Ethics is not really taught by lecture or seminar. These methods have only theoretical impact. Public outcries are not effective. One teaches medical ethics by living it, by expressing it in daily actions. Here starts a habit, good or bad, that will last a lifetime: either a regard for patients as people or the attitude that they are secondary to physicians’ purposes. . . . The patient comes first.2
How fortunate I was to have been at the right place at the right time.
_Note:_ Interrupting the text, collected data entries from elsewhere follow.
Lemma conj_ups_A u (y : 'rV[F]_n) : y 0 jC = 0 -> cj u y 0 jA = y 0 jA + D u (y 0 jB).
Proof.
move=> yC; rewrite !mul_A mul_B mul_C ups_A ups_B ups_C yC addr0 pB_c0.
by rewrite inv_ups_A inv_ups_B inv_ups_C /D !add0r addr0 !addrA.
Qed.


Lemma poly2_vBC (b c : F -> F -> F) k : poly2 b -> poly2 c ->
  poly2 (fun u v => vBC (b u v) (c u v) 0 k).
Proof.
move=> [P DP] [Q DQ]; exists (if k == jB then P else if k == jC then Q else 0).
by move=> u v; rewrite mxE; do 2!case: ifP => _ //; rewrite rmorph0.
Qed.

Lemma poly2_pA (b1 c1 b2 c2 : F -> F -> F) :
  poly2 b1 -> poly2 c1 -> poly2 b2 -> poly2 c2 ->
  poly2 (fun u v => pA (b1 u v) (c1 u v) (b2 u v) (c2 u v)).
Proof.
move=> pb1 pc1 pb2 pc2; apply: (poly2_polyfun (psi_poly jA)
  (V := fun u v => pt (vBC (b1 u v) (c1 u v)) (vBC (b2 u v) (c2 u v)))).
by case=> k; apply: poly2_vBC.
Qed.

Lemma poly2_pB (c1 c2 : F -> F -> F) :
  poly2 c1 -> poly2 c2 -> poly2 (fun u v => pB (c1 u v) (c2 u v)).
Proof.
move=> pc1 pc2; apply: (poly2_polyfun (psi_poly jB)
  (V := fun u v => pt (vBC 0 (c1 u v)) (vBC 0 (c2 u v)))).
by case=> k; apply: poly2_vBC => //; apply: poly2_const.
Qed.

Lemma poly2_D : poly2 D.
Proof.
have p0 := poly2_const (0 : F); have pu := @poly2_fst F; have pv := @poly2_snd F.
have pnu := poly2_opp pu; have piB := poly2_opp (poly2_pB pu pnu).
exact: poly2_add (poly2_add (poly2_pA p0 pu pv p0)
  (poly2_opp (poly2_pA p0 pu piB pnu))) (poly2_pA pv pu piB pnu).
Qed.
Theorem theorem3p1 (R : rcfType) (V : finType) (E : {set {set V}})
    (w : {set V} -> R[i]) (w1 : V -> R) (u : V) :
  simple_graph E ->
  (forall f, f \in E -> w f != 0) ->
  eta_w w w1 E [set~ u] *
    eta_w (ptree_w E u w) (ptree_w1 E u w1) (ptree_edges E u) setT =
  eta_w (ptree_w E u w) (ptree_w1 E u w1) (ptree_edges E u) (ptree_minus_root E u) *
    eta_w w w1 E setT.
Proof.
move=> simpleE _.
have := subtree_identity_all w w1 simpleE (ptree_root E u).
by rewrite /subtree_identity vertices_root subtree_root ptree_minus_rootE setUCr.
Qed.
The outstanding qualities Dr. Eichna demonstrated as a teacher, physician and sensitive human being while I was a student of his, short as that time was, became lifelong examples for me to follow during my years of practice. I could not have had a better role model to guide me through those years.
- Dreizen P. Ludwig W Eichna, MD 1979; 1908-2002 Dedicated teacher, insightful critic; graduated from medical school twice. In: Salwen MJ, ed. Downstate at 150: A Celebration of Achievement. Brooklyn, NY: Alumni Association-College of Medicine, State University of New York, Downstate Medical Center; 2010: 98-102.
- Eichna LW. Medical-school education, 1975-1979: a student’s perspective. N Engl J Med 1980; 303(13): 727-34.
- Eichna LW. “I am a part of all that I have met.” Pharos 1980 Summer; 43(3): 2-6.
MARTIN DUKE, MD, FACP, was a 1954 graduate of the New York University School of Medicine. Following residency training in medicine and pathology and a fellowship in cardiology, he was in private practice in Manchester, Connecticut from 1963-1993. During this period, he served as Director of Medical Education and Chief of Cardiology at the Manchester Memorial Hospital and held a teaching position at the University of Connecticut School of Medicine. He is the author of two books and over a hundred medical articles, edited the collection “Reflections on Medicine: Essays by Robert U Massey, MD,” and is on the editorial board of Connecticut Medicine: The Journal of the Connecticut State Medical Society.